Variable remuneration packages for the C-suite will need to be revisited as well to ‘align the interests of the executives with the sustainable value-creation objectives of the company’ in accordance with Provision 7.8 of the new Code.
Shareholder engagement continues to be a priority for companies as institutional investors increasingly hold boards accountable for company performance and demand greater transparency, including direct engagement with independent directors. They continue to challenge the board with tough questions around the broad topics in this agenda as well as specifics around their role in company strategy and risk evaluation, and the findings from their own board assessment.
In order to ensure they have the full picture, boards should request periodic updates from management about the executive level engagement practices: Do we regularly engage with our largest shareholders and understand their priorities? Do they have access to the right people? What is the board’s position on meeting with investors? And perhaps most importantly, is the company providing investors with a clear, current picture of its performance, challenges and long-term vision?
Be mindful of the company’s vulnerabilities to activist investors.

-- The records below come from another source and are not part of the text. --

(* A maximal chip touching [C] contains a vertex [v] of N(C), and |N(C)| <= 3k,
   so it suffices that at most 4^(3k) maximal chips contain a fixed [v].  Such a
   chip [D] is the source side of an important [v]-[S] separator of size at most
   K = 3k: it is connected, contains [v], avoids [S], and every larger such set
   has a strictly larger neighbourhood.  These are counted by Marx's branching
   argument: every important set contains the furthest minimum separator [M];
   branching on a vertex of N(M) lowers the measure 2K - lambda, where lambda
   is the minimum neighbourhood size, so there are at most 2^(2K) of them. *)

Section ChipCounting.
Variables (T : finType) (e : rel T).
Implicit Types (A B D I M U W X Y Z : {set T}).

Lemma connect_exit (r : rel T) (P : pred T) x y :
  connect r x y -> P x -> ~~ P y -> exists a b, [/\ r a b, P a & ~~ P b].
Proof.
move/connectP=> [p pth ->] {y}; elim: p x pth => [|z p IH] x /=; first by move=> _ ->.
case/andP=> rxz pth Px Pl; case Pz: (P z); first exact: IH pth Pz Pl.
by exists x, z; rewrite Pz.
Qed.

Lemma connect_induced_mem D x y : connect (induced e D) x y -> x \in D -> y \in D.
Proof.
move=> c xD; apply: contraT => yD.
by have [a [b [/and3P[_ _ bD] _ /negP]]] := connect_exit (P := [pred z | z \in D]) c xD yD.
Qed.

Lemma connect_induced_sub D D' x y :
  D \subset D' -> connect (induced e D) x y -> connect (induced e D') x y.
Proof.
move=> sDD'; apply: connect_sub => a b /and3P[eab aD bD]; apply: connect1.
by rewrite /induced eab !(subsetP sDD').
Qed.

Lemma nbhP w A : reflect (w \notin A /\ exists2 x, x \in A & e x w) (w \in nbh e A).
Proof.
rewrite inE; apply: (iffP andP) => [[wA /exists_inP[x]]|[wA [x xA exw]]].
  by split=> //; exists x.
by split=> //; apply/exists_inP; exists x.
Qed.

Lemma nbh_notin w A : w \in nbh e A -> w \notin A.
Proof. by case/nbhP. Qed.

Lemma connect_avoid_nbh A x y : connect (avoid e (nbh e A)) x y -> x \in A -> y \in A.
Proof.
move=> c xA; apply: contraT => yA.
have [a [b [/and3P[eab _ /negP bN] aA bA]]] :=
  connect_exit (P := [pred z | z \in A]) c xA yA.
by case: bN; apply/nbhP; split=> //; exists a.
Qed.

Lemma nbhUI_subU A B : nbh e (A :|: B) :|: nbh e (A :&: B) \subset nbh e A :|: nbh e B.
Proof.
apply/subsetP=> w; rewrite !in_setU => /orP[] /nbhP[+ [x + exw]]; rewrite !(in_setU, in_setI).
  rewrite negb_or => /andP[wA wB] /orP[xA|xB]; apply/orP; [left|right];
    by apply/nbhP; split=> //; exists x.
rewrite negb_and => wAB /andP[xA xB]; apply/orP.
by case/orP: wAB => [wA|wB]; [left|right]; apply/nbhP; split=> //; exists x.
Qed.

Lemma nbhUI_subI A B : nbh e (A :|: B) :&: nbh e (A :&: B) \subset nbh e A :&: nbh e B.
Proof.
apply/subsetP=> w /setIP[/nbhP[+ _] /nbhP[_ [x + exw]]].
rewrite in_setU in_setI negb_or => /andP[wA wB] /andP[xA xB].
by apply/setIP; split; apply/nbhP; split=> //; exists x.
Qed.

(* The part of the separator that is still to be paid for: vertices of [Z]
   were put into the separator by earlier branching decisions. *)
Definition cut Z A := #|nbh e A :\: Z|.

Lemma cut_submod Z A B : cut Z (A :|: B) + cut Z (A :&: B) <= cut Z A + cut Z B.
Proof.
rewrite /cut -cardsUI -[#|nbh e A :\: Z| + _]cardsUI -!setDUl -!setDIl.
by apply: leq_add; apply/subset_leq_card/setSD; [apply: nbhUI_subU | apply: nbhUI_subI].
Qed.

Definition rooted X D := [forall y in D, [exists x in X, connect (induced e D) x y]].

Lemma rootedP X D :
  reflect (forall y, y \in D -> exists2 x, x \in X & connect (induced e D) x y) (rooted X D).
Proof.
apply: (iffP forall_inP) => rD y /rD; first by case/exists_inP=> x; exists x.
by case=> x xX c; apply/exists_inP; exists x.
Qed.

Lemma rootedU X A B : rooted X A -> rooted X B -> rooted X (A :|: B).
Proof.
move=> /rootedP rA /rootedP rB; apply/rootedP=> y /setUP[/rA|/rB] [x xX c];
  exists x => //; apply: connect_induced_sub c; [exact: subsetUl | exact: subsetUr].
Qed.

Lemma rootedS X Y D : X \subset Y -> rooted X D -> rooted Y D.
Proof.
by move=> sXY /rootedP rD; apply/rootedP=> y /rD [x xX c]; exists x; rewrite ?(subsetP sXY).
Qed.

Lemma rooted_trans X M A : rooted X M -> M \subset A -> rooted M A -> rooted X A.
Proof.
move=> /rootedP rM sMA /rootedP rA; apply/rootedP=> y /rA [z /rM [x xX cxz] czy].
by exists x => //; apply: connect_trans czy; apply: connect_induced_sub cxz.
Qed.

Lemma rooted_setU1 M A x u :
  x \in M -> e x u -> M \subset A -> u \in A -> rooted (u |: M) A -> rooted M A.
Proof.
move=> xM exu sMA uA /rootedP rA; apply/rootedP=> y /rA [z /setU1P[->|zM] c]; last by exists z.
exists x => //; apply: connect_trans c; apply: connect1.
by rewrite /induced exu uA (subsetP sMA).
Qed.

Definition rooted_part X I := [set y in I | [exists x in X, connect (induced e I) x y]].

Lemma rooted_part_sub X I : rooted_part X I \subset I.
Proof. by apply/subsetP=> y /setIdP[]. Qed.

Lemma sub_rooted_part X I : X \subset I -> X \subset rooted_part X I.
Proof.
move=> sXI; apply/subsetP=> x xX; rewrite inE (subsetP sXI) //=.
by apply/exists_inP; exists x.
Qed.

Lemma rooted_rooted_part X I : X \subset I -> rooted X (rooted_part X I).
Proof.
move=> sXI; set R := rooted_part X I.
apply/rootedP=> y /setIdP[yI /exists_inP[x xX c]]; exists x => //.
have xR : x \in R by apply: (subsetP (sub_rooted_part sXI)).
apply: contraT => ncy.
have [a [b [/and3P[eab aI bI] cxa ncxb]]] :=
  connect_exit (P := connect (induced e R) x) c (connect0 _ _) ncy.
have aR : a \in R := connect_induced_mem cxa xR.
have bR : b \in R.
  rewrite inE bI; apply/exists_inP; exists x => //.
  apply: connect_trans (connect_induced_sub (rooted_part_sub X I) cxa) (connect1 _).
  by rewrite /induced eab aI bI.
case/negP: ncxb; apply: connect_trans cxa (connect1 _).
by rewrite /induced eab aR bR.
Qed.

Lemma cut_rooted_part Z X I : cut Z (rooted_part X I) <= cut Z I.
Proof.
apply/subset_leq_card/setSD/subsetP=> w /nbhP[wR [x xR exw]].
have xI := subsetP (rooted_part_sub X I) x xR.
apply/nbhP; split; last by exists x.
apply: contra wR => wI; move: xR; rewrite !inE wI => /andP[_ /exists_inP[x0 x0X c]].
apply/exists_inP; exists x0 => //; apply: connect_trans c (connect1 _).
by rewrite /induced exw xI wI.
Qed.

Definition admissible U X D := [&& X \subset D, rooted X D & D \subset U].

Lemma admissibleU U X A B :
  admissible U X A -> admissible U X B -> admissible U X (A :|: B).
Proof.
case/and3P=> sXA rA sAU /and3P[_ rB sBU].
by rewrite /admissible (subset_trans sXA (subsetUl _ _)) rootedU // subUset sAU.
Qed.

Activism need not be short-term nor undermine the board’s strategic thinking – done properly it can help focus the strategy and drive enhanced corporate governance. Play the role of activists by looking at the company from the outside-in and prompting change from within to benefit shareholders.
Expect that strategy, executive compensation, management performance, ESG and board composition will remain squarely on investors’ radar. Also expect investors to focus on how companies are adapting their strategies to address the economic and geopolitical uncertainties and dynamics shaping the business and risk environment in 2020. The Code now also contains a dedicated separate Principle 8 on engaging with shareholders – with provisions per type of shareholder.

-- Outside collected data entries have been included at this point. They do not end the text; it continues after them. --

Definition last_interval (lk : last_kind) (a b s : R) : Prop :=
  match lk with
  | LClosed => a <= s <= b
  | LOpen => a <= s < b
  | LInfinite => a <= s
  end.

Definition hybrid_time_domain (K : R -> nat -> Prop) : Prop :=
  exists t : nat -> R, t O = 0 /\ (forall l, t l <= t (S l)) /\
   ((forall s l, K s l <-> t l <= s <= t (S l)) \/
    (exists (J : nat) (lk : last_kind), forall s l,
        K s l <-> ((l < J)%nat /\ t l <= s <= t (S l)) \/
                  (l = J /\ last_interval lk (t J) (t (S J)) s))).

Definition null_set (S : R -> Prop) : Prop :=
  forall eps, 0 < eps -> exists u v : nat -> R,
    (forall k, u k <= v k) /\
    (forall t, S t -> exists k, u k < t < v k) /\
    (forall n, rsum n (fun k => v k - u k) <= eps).

Definition abs_cont_on (F : R -> R) (a b : R) : Prop :=
  forall eps, 0 < eps -> exists delta, 0 < delta /\
    forall (n : nat) (u v : nat -> R),
      (forall k, (k < n)%nat -> a <= u k <= v k /\ v k <= b) ->
      (forall k, (S k < n)%nat -> v k <= u (S k)) ->
      rsum n (fun k => v k - u k) < delta ->
      rsum n (fun k => Rabs (F (v k) - F (u k))) < eps.

Definition interior_pt (T : R -> Prop) (t : R) : Prop :=
  exists e, 0 < e /\ forall s, Rabs (s - t) < e -> T s.

Definition is_solution (P : params) (K : R -> nat -> Prop)
    (z : R -> nat -> state) : Prop :=
  hybrid_time_domain K /\
  K 0 O /\ (inC P (z 0 O) \/ inD P (z 0 O)) /\
  (forall l : nat,
     (forall a b, a <= b -> (forall s, a <= s <= b -> K s l) ->
        forall c, relevant P c -> abs_cont_on (fun s => proj c (z s l)) a b) /\
     ((exists t, interior_pt (fun s => K s l) t) ->
        (forall t, interior_pt (fun s => K s l) t -> inC P (z t l)) /\
        null_set (fun t => interior_pt (fun s => K s l) t /\
           ~ (forall c, relevant P c ->
                derivable_pt_lim (fun s => proj c (z s l)) t (fmap P (z t l) c))))) /\
  (forall t l, K t l -> K t (S l) ->
     inD P (z t l) /\ z t (S l) = gmap P (z t l)).

Definition complete (K : R -> nat -> Prop) : Prop :=
  forall r, exists t l, K t l /\ r <= t + INR l.

Definition bounded_sol (P : params) (K : R -> nat -> Prop)
    (z : R -> nat -> state) : Prop :=
  exists bd, forall t l c, K t l -> relevant P c -> Rabs (proj c (z t l)) <= bd.

Definition sigma_change (K : R -> nat -> Prop) (z : R -> nat -> state)
    (j : nat) (t : R) : Prop :=
  exists l, K t l /\ K t (S l) /\ sigma (z t (S l)) j <> sigma (z t l) j.
(* Let $A\in\mathbb{C}$, let $\sqrt{A}$ denote either square root of $A$, and let $|q|<1$. Define $F(A;q):=\sum_{n\geq0}\frac{q^{n^2}(A;q^2)_n}{(q^2;q^2)_n}$. Then $$F(A;q)=\frac12 (-q;q^2)_{\infty}\left[(-\sqrt{A};-q)_{\infty}+(\sqrt{A};-q)_{\infty}\right].$$
   Context: The $q$-Pochhammer symbol: $(a;q)_0=1$, $(a;q)_n=\prod_{j=0}^{n-1}(1-aq^j)$ for $n\ge1$, and $(a;q)_\infty=\prod_{j\ge0}(1-aq^j)$. *)

From Stdlib Require Import Reals.
From Coquelicot Require Import Coquelicot.

Open Scope C_scope.

Fixpoint qpoch (a q : C) (n : nat) : C :=
  match n with
  | O => 1
  | S m => qpoch a q m * (1 - a * q ^ m)
  end.

Definition is_qpoch_inf (a q l : C) : Prop :=
  filterlim (fun n => qpoch a q n) eventually (locally l).

Definition F_term (A q : C) (n : nat) : C :=
  q ^ (n * n) * qpoch A (q ^ 2) n / qpoch (q ^ 2) (q ^ 2) n.

From Stdlib Require Import Reals Lra Lia Arith.
From Coquelicot Require Import Coquelicot.
Open Scope C_scope.

(* Write p = q^2 and c_k(x) = (-x)^k p^(k(k-1)/2).  The finite q-binomial theorem
   (x;p)_N = sum_k [N,k]_p c_k(x), with N -> oo under Tannery's theorem, gives Euler's
   expansion (x;p)_oo = sum_k c_k(x) / (p;p)_k.  In the truncation
   sum_n q^(n^2) [N,n]_p (A;p)_n of F, expanding (A;p)_n by the q-binomial theorem,
   exchanging the sums and resumming the inner one factors out (-q;p)_N, whence
   F = (-q;p)_oo sum_k q^(k^2) c_k(A) / ((p;p)_k (-q;p)_k).  In the Euler expansions of
   (-sqrt A; -q)_oo and (sqrt A; -q)_oo the odd terms cancel, while the terms of index 2k
   are both equal to the k-th term of that last series. *)

Fixpoint fsum (f : nat -> C) (n : nat) : C :=
  match n with O => 0 | S m => fsum f m + f m end.
Lemma chord_inj i j : chord i = chord j -> i = j %[mod k].
Proof.
case/edge_eqP=> [[/vtx_inj //]|[/vtx_inj E1 /vtx_inj E2]].
have : i + 2 = i %[mod k] by rewrite addn2 E1; apply: modnS_eq; rewrite -E2.
by move/eqP; rewrite (negbTE (modnD_neq _ _)) // size_vs.
Qed.

Lemma radius_wheel i : radius i \in W.
Proof. by rewrite inE; apply/orP; left; apply/imsetP; exists (vtx i); rewrite ?vtx_in. Qed.

Lemma chord_wheel i : chord i \in W.
Proof.
rewrite inE; apply/orP; right; apply/imsetP.
exists (Ordinal (ltn_pmod i k_gt0)) => //=.
by rewrite /chord /vtx -[i.+1]addn1 -modnDml addn1.
Qed.

Lemma wheel_edgeP e : e \in W -> exists2 i, i < k & (e = radius i \/ e = chord i).
Proof.
case/setUP => /imsetP [x x_in ->].
  by have [i ik ->] := vsP x_in; exists i => //; left.
by exists x => //; right; rewrite /chord /vtx (modn_small (ltn_ord x)).
Qed.

Lemma adj_vtx G p w : G \subset W -> adj G (vtx p) w ->
  [\/ w = h /\ radius p \in G, w = vtx p.+1 /\ chord p \in G |
      w = vtx (p + k.-1) /\ chord (p + k.-1) \in G].
Proof.
move=> sGW /andP [_ eG]; have [i _ [E|E]] := wheel_edgeP (subsetP sGW _ eG);
  rewrite E in eG.
- case/edge_eqP: E => [[E1 _]|[E1 E2]]; first by move: (vtx_hubF p); rewrite E1 eqxx.
  by constructor 1; rewrite E2 (radius_mod (vtx_inj E1)).
- case/edge_eqP: E => [[/vtx_inj E1 E2]|[E1 E2]].
    by constructor 2; rewrite E2 (vtx_mod (modnS_eq E1)) (chord_mod E1).
  have E3 : i = p + k.-1 %[mod k].
    by apply: (@modnD_eqK _ 1); rewrite !addn1 modn_predS (vtx_inj E1).
  by constructor 3; rewrite E2 (vtx_mod E3) -(chord_mod E3).
Qed.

Even the best-prepared companies will experience a crisis, and companies that respond quickly and effectively tend to weather crises better. Crisis readiness goes hand-in-hand with good risk management – identifying and anticipating risks and putting in place a system of controls to help prevent crises or mitigate their impact.
In addition to cultural risks (see infra), we are clearly seeing an increased board focus on key operational risks across the extended global organization – e.g., supply chain and outsourcing risks, information technology and data security risks. Does the board understand the company’s critical operational risks? What’s changed in the operating environment? Has the company experienced any control failures? Is management sensitive to early warning signs regarding safety, product quality, and compliance?
Help ensure that management is weighing a broad spectrum of what-if scenarios – from supply chains and the financial health of vendors to geopolitical risks, natural disasters, terrorist acts, and cyber threats. Is the company’s crisis response plan robust and ready to go? Does it cover different scenarios? Is the plan actively tested or war-gamed and updated as needed? Does it take into account the loss of critical infrastructure – e.g., telecommunications networks, financial systems, transportation, and energy supplies? Does it include communications protocols to keep the board apprized of events and the company’s response – and to address the company’s stakeholders?
The global economy is faced with a 'synchronized slowdown', the past five years have been the warmest on record, and cyberattacks are expected to increase this year – all while citizens protest the political and economic conditions in their countries and voice concerns about systems that exacerbate inequality.